(* For every directed co-graph $G$, $\mathrm{dpw}(G)=\mathrm{dtw}(G)$.
   Context: Digraphs are finite, without loops or multiple arcs. Operations on vertex-disjoint digraphs $G_1,\ldots,G_k$: the disjoint union $G_1\oplus\cdots\oplus G_k$ (union of vertex and arc sets); the series composition $G_1\otimes\cdots\otimes G_k$ (disjoint union plus all arcs between vertices of $G_i$ and $G_j$ for all $i\neq j$, in both directions); the order composition $G_1\oslash\cdots\oslash G_k$ (disjoint union plus all arcs from vertices of $G_i$ to vertices of $G_j$ for all $i<j$). Directed co-graphs: every single-vertex digraph is a directed co-graph, and if $G_1,\ldots,G_k$ are vertex-disjoint directed co-graphs then their disjoint union, series composition and order composition are directed co-graphs. Directed path-width: a directed path-decomposition of $G=(V,E)$ is a sequence $(X_1,\ldots,X_r)$ of subsets of $V$ with $\bigcup X_i=V$, for each arc $(u,v)$ some $i\le j$ with $u\in X_i,v\in X_j$, and for each vertex the indices of bags containing it forming an interval; width $\max|X_i|-1$; $\mathrm{dpw}(G)$ is the minimum width. Directed tree-width: for $Z\subseteq V$, $S\subseteq V$ is $Z$-normal if no directed walk in $G-Z$ with first and last vertex in $S$ uses a vertex of $G-(Z\cup S)$. A directed tree-decomposition is $(T,\mathcal{X},\mathcal{W})$ with $T=(V_T,E_T)$ an out-tree (rooted tree with arcs directed away from the root; $u\le v$ means a directed path of $\ge0$ arcs from $u$ to $v$), $\mathcal{X}=\{X_e:e\in E_T\}$, $\mathcal{W}=\{W_r:r\in V_T\}$ subsets of $V$, such that $\mathcal{W}$ partitions $V$ into nonempty sets and for each $(u,v)\in E_T$ the set $\bigcup\{W_r: v\le r\}$ is $X_{(u,v)}$-normal; width $\max_r|W_r\cup\bigcup_{e\sim r}X_e|-1$ ($e\sim r$: $r$ is an end of $e$); $\mathrm{dtw}(G)$ is the minimum width. *)

(* Digraphs: a finite vertex type T with an arc relation E
   (irreflexivity = no loops; a relation has no multiple arcs). *)
From mathcomp Require Import all_boot.
Set Implicit Arguments. Unset Strict Implicit. Unset Printing Implicit Defensive.

Section Digraphs.
Variable T : finType.
Variable E : rel T.

Definition parts_disjoint (s : seq {set T}) : Prop :=
  forall i j, i < size s -> j < size s -> i != j ->
    [disjoint nth set0 s i & nth set0 s j].

(* dcograph_on A : the subdigraph of (T,E) induced by A is a directed
   co-graph. The k-ary operations (k >= 1) are applied to the induced
   subdigraphs on the (pairwise disjoint) parts of A; the arcs inside the
   parts are those of the induced subdigraphs, the arcs between distinct
   parts are fixed by the operation. *)
Inductive dcograph_on : {set T} -> Prop :=
| DC_single (x : T) : dcograph_on [set x]
| DC_union (s : seq {set T}) :
    0 < size s -> parts_disjoint s ->
    (forall B, B \in s -> dcograph_on B) ->
    (forall i j x y, i < size s -> j < size s -> i != j ->
       x \in nth set0 s i -> y \in nth set0 s j -> ~~ E x y) ->
    dcograph_on (\bigcup_(B <- s) B)
| DC_series (s : seq {set T}) :
    0 < size s -> parts_disjoint s ->
    (forall B, B \in s -> dcograph_on B) ->
    (forall i j x y, i < size s -> j < size s -> i != j ->
       x \in nth set0 s i -> y \in nth set0 s j -> E x y) ->
    dcograph_on (\bigcup_(B <- s) B)
| DC_order (s : seq {set T}) :
    0 < size s -> parts_disjoint s ->
    (forall B, B \in s -> dcograph_on B) ->
    (forall i j x y, i < size s -> j < size s -> i < j ->
       x \in nth set0 s i -> y \in nth set0 s j -> E x y && ~~ E y x) ->
    dcograph_on (\bigcup_(B <- s) B).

▸ **PROBLEM DESCRIPTION**
Every record above belongs in the answer, reproduced exactly.

▸ **COMPLETED TASK**
(* For every directed co-graph $G$, $\mathrm{dpw}(G)=\mathrm{dtw}(G)$.
   Context: Digraphs are finite, without loops or multiple arcs. Operations on vertex-disjoint digraphs $G_1,\ldots,G_k$: the disjoint union $G_1\oplus\cdots\oplus G_k$ (union of vertex and arc sets); the series composition $G_1\otimes\cdots\otimes G_k$ (disjoint union plus all arcs between vertices of $G_i$ and $G_j$ for all $i\neq j$, in both directions); the order composition $G_1\oslash\cdots\oslash G_k$ (disjoint union plus all arcs from vertices of $G_i$ to vertices of $G_j$ for all $i<j$). Directed co-graphs: every single-vertex digraph is a directed co-graph, and if $G_1,\ldots,G_k$ are vertex-disjoint directed co-graphs then their disjoint union, series composition and order composition are directed co-graphs. Directed path-width: a directed path-decomposition of $G=(V,E)$ is a sequence $(X_1,\ldots,X_r)$ of subsets of $V$ with $\bigcup X_i=V$, for each arc $(u,v)$ some $i\le j$ with $u\in X_i,v\in X_j$, and for each vertex the indices of bags containing it forming an interval; width $\max|X_i|-1$; $\mathrm{dpw}(G)$ is the minimum width. Directed tree-width: for $Z\subseteq V$, $S\subseteq V$ is $Z$-normal if no directed walk in $G-Z$ with first and last vertex in $S$ uses a vertex of $G-(Z\cup S)$. A directed tree-decomposition is $(T,\mathcal{X},\mathcal{W})$ with $T=(V_T,E_T)$ an out-tree (rooted tree with arcs directed away from the root; $u\le v$ means a directed path of $\ge0$ arcs from $u$ to $v$), $\mathcal{X}=\{X_e:e\in E_T\}$, $\mathcal{W}=\{W_r:r\in V_T\}$ subsets of $V$, such that $\mathcal{W}$ partitions $V$ into nonempty sets and for each $(u,v)\in E_T$ the set $\bigcup\{W_r: v\le r\}$ is $X_{(u,v)}$-normal; width $\max_r|W_r\cup\bigcup_{e\sim r}X_e|-1$ ($e\sim r$: $r$ is an end of $e$); $\mathrm{dtw}(G)$ is the minimum width. *)

(* Digraphs: a finite vertex type T with an arc relation E
   (irreflexivity = no loops; a relation has no multiple arcs). *)
From mathcomp Require Import all_boot.
Set Implicit Arguments. Unset Strict Implicit. Unset Printing Implicit Defensive.

Section Digraphs.
Variable T : finType.
Variable E : rel T.

Definition parts_disjoint (s : seq {set T}) : Prop :=
  forall i j, i < size s -> j < size s -> i != j ->
    [disjoint nth set0 s i & nth set0 s j].

(* dcograph_on A : the subdigraph of (T,E) induced by A is a directed
   co-graph. The k-ary operations (k >= 1) are applied to the induced
   subdigraphs on the (pairwise disjoint) parts of A; the arcs inside the
   parts are those of the induced subdigraphs, the arcs between distinct
   parts are fixed by the operation. *)
Inductive dcograph_on : {set T} -> Prop :=
| DC_single (x : T) : dcograph_on [set x]
| DC_union (s : seq {set T}) :
    0 < size s -> parts_disjoint s ->
    (forall B, B \in s -> dcograph_on B) ->
    (forall i j x y, i < size s -> j < size s -> i != j ->
       x \in nth set0 s i -> y \in nth set0 s j -> ~~ E x y) ->
    dcograph_on (\bigcup_(B <- s) B)
| DC_series (s : seq {set T}) :
    0 < size s -> parts_disjoint s ->
    (forall B, B \in s -> dcograph_on B) ->
    (forall i j x y, i < size s -> j < size s -> i != j ->
       x \in nth set0 s i -> y \in nth set0 s j -> E x y) ->
    dcograph_on (\bigcup_(B <- s) B)
| DC_order (s : seq {set T}) :
    0 < size s -> parts_disjoint s ->
    (forall B, B \in s -> dcograph_on B) ->
    (forall i j x y, i < size s -> j < size s -> i < j ->
       x \in nth set0 s i -> y \in nth set0 s j -> E x y && ~~ E y x) ->
    dcograph_on (\bigcup_(B <- s) B).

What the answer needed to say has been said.